Required work.
Please go through the records below and return every line holding the word "times".

(Dataset entries)

:::

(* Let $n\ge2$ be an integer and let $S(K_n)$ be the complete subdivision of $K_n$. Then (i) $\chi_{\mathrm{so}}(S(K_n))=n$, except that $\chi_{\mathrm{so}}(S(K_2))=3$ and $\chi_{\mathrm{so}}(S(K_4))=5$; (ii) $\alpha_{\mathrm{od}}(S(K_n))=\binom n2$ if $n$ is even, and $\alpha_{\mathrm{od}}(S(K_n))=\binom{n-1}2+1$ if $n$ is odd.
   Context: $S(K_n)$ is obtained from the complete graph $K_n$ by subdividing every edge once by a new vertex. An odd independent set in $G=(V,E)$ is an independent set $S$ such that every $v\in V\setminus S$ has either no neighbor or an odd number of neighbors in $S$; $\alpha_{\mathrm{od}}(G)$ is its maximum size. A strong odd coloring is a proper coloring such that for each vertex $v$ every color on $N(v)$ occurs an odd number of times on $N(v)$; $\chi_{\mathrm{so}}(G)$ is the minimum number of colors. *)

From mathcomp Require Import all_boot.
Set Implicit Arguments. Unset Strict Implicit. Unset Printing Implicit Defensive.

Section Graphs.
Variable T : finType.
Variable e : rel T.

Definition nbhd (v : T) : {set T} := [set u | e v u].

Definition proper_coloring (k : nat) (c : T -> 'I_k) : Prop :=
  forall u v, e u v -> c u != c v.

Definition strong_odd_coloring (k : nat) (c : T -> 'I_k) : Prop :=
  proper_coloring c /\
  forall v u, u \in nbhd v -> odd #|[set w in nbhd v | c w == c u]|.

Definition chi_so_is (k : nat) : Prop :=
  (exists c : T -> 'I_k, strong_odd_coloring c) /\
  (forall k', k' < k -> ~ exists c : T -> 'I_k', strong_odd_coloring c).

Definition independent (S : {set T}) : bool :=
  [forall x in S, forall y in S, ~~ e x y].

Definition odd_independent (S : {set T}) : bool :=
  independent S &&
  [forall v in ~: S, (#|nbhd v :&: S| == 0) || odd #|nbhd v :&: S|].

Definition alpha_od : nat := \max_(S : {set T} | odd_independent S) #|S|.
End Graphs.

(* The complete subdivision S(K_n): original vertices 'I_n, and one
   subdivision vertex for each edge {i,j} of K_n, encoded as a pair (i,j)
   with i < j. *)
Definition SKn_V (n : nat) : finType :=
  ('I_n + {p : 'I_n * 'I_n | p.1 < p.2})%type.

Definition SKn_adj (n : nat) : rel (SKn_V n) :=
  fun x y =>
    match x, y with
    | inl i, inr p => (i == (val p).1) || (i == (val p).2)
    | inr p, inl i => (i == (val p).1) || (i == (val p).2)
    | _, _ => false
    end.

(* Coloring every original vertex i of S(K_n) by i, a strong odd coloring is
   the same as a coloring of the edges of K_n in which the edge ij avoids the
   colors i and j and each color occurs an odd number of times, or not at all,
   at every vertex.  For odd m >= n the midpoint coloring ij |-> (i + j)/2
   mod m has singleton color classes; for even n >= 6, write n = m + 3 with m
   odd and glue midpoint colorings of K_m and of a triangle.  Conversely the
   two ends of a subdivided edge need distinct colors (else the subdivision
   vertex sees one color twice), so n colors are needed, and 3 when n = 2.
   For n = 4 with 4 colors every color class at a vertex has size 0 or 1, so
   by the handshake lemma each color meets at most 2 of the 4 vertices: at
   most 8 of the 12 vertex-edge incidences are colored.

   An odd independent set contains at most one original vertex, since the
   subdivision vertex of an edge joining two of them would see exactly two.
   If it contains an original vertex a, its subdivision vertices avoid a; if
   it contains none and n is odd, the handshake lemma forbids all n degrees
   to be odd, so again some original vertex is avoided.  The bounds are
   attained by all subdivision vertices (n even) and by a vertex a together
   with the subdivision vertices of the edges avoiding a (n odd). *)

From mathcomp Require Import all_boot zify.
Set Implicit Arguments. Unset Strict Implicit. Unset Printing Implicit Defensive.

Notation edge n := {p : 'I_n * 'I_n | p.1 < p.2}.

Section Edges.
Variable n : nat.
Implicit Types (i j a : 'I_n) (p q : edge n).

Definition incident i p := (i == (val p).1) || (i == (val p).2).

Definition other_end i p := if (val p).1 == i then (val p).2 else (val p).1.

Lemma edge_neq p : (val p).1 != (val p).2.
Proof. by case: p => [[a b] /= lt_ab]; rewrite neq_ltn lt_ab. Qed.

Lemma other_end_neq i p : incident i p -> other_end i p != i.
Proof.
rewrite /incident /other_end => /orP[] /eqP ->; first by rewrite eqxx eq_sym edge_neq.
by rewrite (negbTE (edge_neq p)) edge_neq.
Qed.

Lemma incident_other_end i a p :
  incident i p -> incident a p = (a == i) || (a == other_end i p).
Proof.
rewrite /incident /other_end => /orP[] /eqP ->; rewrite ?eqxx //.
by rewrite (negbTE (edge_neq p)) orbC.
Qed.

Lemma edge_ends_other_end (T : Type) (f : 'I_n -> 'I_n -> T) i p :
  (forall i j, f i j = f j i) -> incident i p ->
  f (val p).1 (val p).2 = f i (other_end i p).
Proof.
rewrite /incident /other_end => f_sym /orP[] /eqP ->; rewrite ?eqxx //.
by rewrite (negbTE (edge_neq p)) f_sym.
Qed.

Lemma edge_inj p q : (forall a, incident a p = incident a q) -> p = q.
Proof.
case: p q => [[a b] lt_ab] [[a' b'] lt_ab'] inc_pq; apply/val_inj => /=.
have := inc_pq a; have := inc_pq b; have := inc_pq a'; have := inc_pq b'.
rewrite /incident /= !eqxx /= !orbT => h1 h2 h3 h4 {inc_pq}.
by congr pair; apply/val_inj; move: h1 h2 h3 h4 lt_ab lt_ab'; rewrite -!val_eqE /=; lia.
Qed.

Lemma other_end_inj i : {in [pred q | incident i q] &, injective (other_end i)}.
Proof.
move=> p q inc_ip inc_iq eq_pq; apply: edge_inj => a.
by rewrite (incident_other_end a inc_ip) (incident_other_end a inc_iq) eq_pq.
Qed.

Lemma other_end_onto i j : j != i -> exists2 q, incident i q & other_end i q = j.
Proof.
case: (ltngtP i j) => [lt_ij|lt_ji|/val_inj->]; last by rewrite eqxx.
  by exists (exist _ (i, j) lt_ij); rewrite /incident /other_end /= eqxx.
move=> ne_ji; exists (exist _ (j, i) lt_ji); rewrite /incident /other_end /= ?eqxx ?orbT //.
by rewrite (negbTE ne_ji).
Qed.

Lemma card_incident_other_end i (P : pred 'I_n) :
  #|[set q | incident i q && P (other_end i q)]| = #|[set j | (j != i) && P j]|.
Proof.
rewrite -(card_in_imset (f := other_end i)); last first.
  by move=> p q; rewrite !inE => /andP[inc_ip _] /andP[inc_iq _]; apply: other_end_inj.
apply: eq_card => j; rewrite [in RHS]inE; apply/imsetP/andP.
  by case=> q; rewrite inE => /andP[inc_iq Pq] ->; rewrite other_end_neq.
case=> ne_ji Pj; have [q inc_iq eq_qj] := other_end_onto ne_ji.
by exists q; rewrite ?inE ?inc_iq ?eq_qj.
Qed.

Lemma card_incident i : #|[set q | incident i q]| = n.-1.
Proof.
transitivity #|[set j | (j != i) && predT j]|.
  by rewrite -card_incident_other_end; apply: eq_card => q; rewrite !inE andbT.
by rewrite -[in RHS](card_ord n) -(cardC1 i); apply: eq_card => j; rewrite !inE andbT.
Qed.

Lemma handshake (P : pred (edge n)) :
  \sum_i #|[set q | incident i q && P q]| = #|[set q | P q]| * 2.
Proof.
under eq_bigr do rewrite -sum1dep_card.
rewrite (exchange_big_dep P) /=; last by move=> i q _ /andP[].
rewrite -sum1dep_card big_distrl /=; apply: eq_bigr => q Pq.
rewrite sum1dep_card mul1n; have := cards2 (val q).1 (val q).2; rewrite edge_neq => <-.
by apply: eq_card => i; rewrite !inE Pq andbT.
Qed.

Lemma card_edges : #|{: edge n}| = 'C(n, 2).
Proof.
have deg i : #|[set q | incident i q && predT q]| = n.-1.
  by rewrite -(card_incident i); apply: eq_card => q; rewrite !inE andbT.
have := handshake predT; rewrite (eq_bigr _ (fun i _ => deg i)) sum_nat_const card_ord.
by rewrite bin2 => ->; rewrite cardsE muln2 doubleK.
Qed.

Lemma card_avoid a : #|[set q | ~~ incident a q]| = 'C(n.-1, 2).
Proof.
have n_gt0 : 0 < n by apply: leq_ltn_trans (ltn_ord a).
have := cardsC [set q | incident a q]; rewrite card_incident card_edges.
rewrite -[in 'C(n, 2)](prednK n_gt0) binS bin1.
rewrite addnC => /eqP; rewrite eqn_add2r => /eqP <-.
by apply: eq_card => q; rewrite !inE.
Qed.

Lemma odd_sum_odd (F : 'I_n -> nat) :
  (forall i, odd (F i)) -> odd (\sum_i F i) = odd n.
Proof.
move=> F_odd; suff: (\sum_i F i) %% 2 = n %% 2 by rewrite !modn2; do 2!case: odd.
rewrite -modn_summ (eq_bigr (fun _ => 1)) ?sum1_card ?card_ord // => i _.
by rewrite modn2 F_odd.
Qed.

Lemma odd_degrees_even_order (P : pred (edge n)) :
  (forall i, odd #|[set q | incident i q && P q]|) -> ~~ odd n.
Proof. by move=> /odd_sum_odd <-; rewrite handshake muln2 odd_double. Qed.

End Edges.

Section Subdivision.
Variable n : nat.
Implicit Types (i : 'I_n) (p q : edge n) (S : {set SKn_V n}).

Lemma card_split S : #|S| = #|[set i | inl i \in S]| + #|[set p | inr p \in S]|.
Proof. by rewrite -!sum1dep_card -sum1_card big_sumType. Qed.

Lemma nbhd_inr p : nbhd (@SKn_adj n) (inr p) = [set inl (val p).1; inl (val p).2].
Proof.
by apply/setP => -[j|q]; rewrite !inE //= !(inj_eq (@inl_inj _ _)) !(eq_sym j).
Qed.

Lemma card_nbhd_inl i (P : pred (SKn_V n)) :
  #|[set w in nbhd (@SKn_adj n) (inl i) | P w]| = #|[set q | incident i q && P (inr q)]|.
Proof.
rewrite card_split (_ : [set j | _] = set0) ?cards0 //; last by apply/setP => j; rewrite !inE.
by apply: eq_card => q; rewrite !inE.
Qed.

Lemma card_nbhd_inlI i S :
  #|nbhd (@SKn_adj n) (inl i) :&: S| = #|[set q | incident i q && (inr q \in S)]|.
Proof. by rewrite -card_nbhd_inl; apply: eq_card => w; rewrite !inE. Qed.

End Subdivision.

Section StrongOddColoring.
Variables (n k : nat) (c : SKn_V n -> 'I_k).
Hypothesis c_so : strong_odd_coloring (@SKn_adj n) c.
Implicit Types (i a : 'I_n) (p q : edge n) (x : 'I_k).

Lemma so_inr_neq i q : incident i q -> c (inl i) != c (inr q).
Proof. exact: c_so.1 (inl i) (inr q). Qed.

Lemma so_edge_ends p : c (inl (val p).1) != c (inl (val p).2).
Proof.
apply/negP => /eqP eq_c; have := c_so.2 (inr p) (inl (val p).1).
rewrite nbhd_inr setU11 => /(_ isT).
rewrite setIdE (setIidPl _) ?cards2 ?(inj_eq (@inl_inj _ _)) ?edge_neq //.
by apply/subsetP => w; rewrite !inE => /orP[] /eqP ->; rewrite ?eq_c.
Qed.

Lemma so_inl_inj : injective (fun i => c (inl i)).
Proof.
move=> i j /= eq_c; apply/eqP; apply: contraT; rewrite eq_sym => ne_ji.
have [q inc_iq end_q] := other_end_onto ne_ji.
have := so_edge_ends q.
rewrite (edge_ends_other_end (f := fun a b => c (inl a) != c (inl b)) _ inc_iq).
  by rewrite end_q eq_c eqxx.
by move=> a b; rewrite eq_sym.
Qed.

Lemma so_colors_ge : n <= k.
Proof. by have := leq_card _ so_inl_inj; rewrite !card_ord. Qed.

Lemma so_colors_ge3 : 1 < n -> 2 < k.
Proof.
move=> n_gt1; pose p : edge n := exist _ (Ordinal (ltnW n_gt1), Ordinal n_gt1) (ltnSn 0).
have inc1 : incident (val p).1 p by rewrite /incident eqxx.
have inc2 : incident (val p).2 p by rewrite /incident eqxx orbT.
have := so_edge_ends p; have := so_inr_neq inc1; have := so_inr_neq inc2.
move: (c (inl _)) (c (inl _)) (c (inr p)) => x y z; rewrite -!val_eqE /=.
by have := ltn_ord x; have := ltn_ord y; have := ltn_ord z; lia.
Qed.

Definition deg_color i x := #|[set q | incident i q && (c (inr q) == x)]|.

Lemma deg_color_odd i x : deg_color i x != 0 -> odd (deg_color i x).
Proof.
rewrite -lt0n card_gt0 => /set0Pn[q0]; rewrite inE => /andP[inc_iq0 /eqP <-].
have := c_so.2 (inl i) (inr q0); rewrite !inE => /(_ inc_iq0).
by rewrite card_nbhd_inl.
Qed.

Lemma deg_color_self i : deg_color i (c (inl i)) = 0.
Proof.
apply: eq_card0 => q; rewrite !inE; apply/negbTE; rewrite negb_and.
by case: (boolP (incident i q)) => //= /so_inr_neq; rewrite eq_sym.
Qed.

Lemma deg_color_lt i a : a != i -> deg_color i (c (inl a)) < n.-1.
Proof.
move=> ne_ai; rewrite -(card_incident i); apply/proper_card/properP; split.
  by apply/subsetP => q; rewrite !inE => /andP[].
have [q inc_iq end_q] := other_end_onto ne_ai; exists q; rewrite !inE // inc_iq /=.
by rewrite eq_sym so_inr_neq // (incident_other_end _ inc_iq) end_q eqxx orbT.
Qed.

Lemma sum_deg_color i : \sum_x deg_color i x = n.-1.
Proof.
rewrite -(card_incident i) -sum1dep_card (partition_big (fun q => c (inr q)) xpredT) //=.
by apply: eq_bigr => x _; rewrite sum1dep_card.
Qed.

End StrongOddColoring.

:::

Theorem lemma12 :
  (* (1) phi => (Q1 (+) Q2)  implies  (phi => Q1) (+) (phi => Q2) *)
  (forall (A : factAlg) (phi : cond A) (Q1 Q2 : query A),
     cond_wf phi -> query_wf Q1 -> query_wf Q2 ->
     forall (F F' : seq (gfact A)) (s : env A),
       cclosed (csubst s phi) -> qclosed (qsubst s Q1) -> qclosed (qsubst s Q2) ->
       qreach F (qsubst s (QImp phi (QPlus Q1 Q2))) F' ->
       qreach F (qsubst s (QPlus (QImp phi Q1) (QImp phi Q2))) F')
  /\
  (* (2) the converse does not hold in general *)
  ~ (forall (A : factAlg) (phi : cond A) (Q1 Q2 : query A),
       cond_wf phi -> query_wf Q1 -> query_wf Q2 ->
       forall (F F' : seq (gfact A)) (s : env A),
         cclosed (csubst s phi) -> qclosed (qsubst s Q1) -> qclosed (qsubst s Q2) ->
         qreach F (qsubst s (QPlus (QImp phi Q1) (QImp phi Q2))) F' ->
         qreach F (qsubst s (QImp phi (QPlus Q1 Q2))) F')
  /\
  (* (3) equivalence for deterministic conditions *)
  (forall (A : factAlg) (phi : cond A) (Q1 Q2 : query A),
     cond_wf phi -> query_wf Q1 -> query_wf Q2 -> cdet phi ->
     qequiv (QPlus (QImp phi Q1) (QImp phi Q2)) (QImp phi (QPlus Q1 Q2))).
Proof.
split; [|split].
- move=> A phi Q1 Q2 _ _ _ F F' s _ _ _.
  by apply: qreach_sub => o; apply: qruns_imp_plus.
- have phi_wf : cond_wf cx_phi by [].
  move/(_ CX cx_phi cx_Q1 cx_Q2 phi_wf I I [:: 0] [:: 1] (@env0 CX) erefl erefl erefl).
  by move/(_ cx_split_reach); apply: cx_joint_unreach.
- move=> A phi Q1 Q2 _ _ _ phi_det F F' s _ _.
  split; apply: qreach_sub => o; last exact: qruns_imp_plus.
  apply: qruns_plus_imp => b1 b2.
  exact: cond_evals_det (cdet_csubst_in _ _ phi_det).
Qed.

:::

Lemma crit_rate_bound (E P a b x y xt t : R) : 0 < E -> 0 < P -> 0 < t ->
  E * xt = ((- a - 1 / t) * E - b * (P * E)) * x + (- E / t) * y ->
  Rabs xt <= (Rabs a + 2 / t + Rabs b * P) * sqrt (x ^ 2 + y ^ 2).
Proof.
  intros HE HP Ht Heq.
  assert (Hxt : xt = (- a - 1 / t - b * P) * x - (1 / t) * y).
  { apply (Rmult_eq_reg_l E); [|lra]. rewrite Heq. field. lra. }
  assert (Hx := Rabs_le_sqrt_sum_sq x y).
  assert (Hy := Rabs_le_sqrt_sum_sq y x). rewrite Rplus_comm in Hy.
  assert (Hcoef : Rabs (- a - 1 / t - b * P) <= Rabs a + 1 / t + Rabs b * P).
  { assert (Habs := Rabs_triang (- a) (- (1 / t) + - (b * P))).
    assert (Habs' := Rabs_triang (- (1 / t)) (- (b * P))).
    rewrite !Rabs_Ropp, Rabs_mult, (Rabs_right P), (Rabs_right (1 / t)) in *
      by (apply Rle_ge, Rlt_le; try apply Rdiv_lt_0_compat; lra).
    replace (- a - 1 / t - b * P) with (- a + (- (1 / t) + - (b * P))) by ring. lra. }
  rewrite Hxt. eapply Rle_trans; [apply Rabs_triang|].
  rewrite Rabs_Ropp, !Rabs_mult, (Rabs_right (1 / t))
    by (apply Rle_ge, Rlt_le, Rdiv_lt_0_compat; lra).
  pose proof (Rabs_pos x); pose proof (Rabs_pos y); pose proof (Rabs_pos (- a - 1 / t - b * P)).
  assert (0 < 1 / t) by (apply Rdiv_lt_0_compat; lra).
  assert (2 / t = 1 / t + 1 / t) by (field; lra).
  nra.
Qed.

:::

Answer to this exercise.
   Context: $S(K_n)$ is obtained from the complete graph $K_n$ by subdividing every edge once by a new vertex. An odd independent set in $G=(V,E)$ is an independent set $S$ such that every $v\in V\setminus S$ has either no neighbor or an odd number of neighbors in $S$; $\alpha_{\mathrm{od}}(G)$ is its maximum size. A strong odd coloring is a proper coloring such that for each vertex $v$ every color on $N(v)$ occurs an odd number of times on $N(v)$; $\chi_{\mathrm{so}}(G)$ is the minimum number of colors. *)
   colors i and j and each color occurs an odd number of times, or not at all,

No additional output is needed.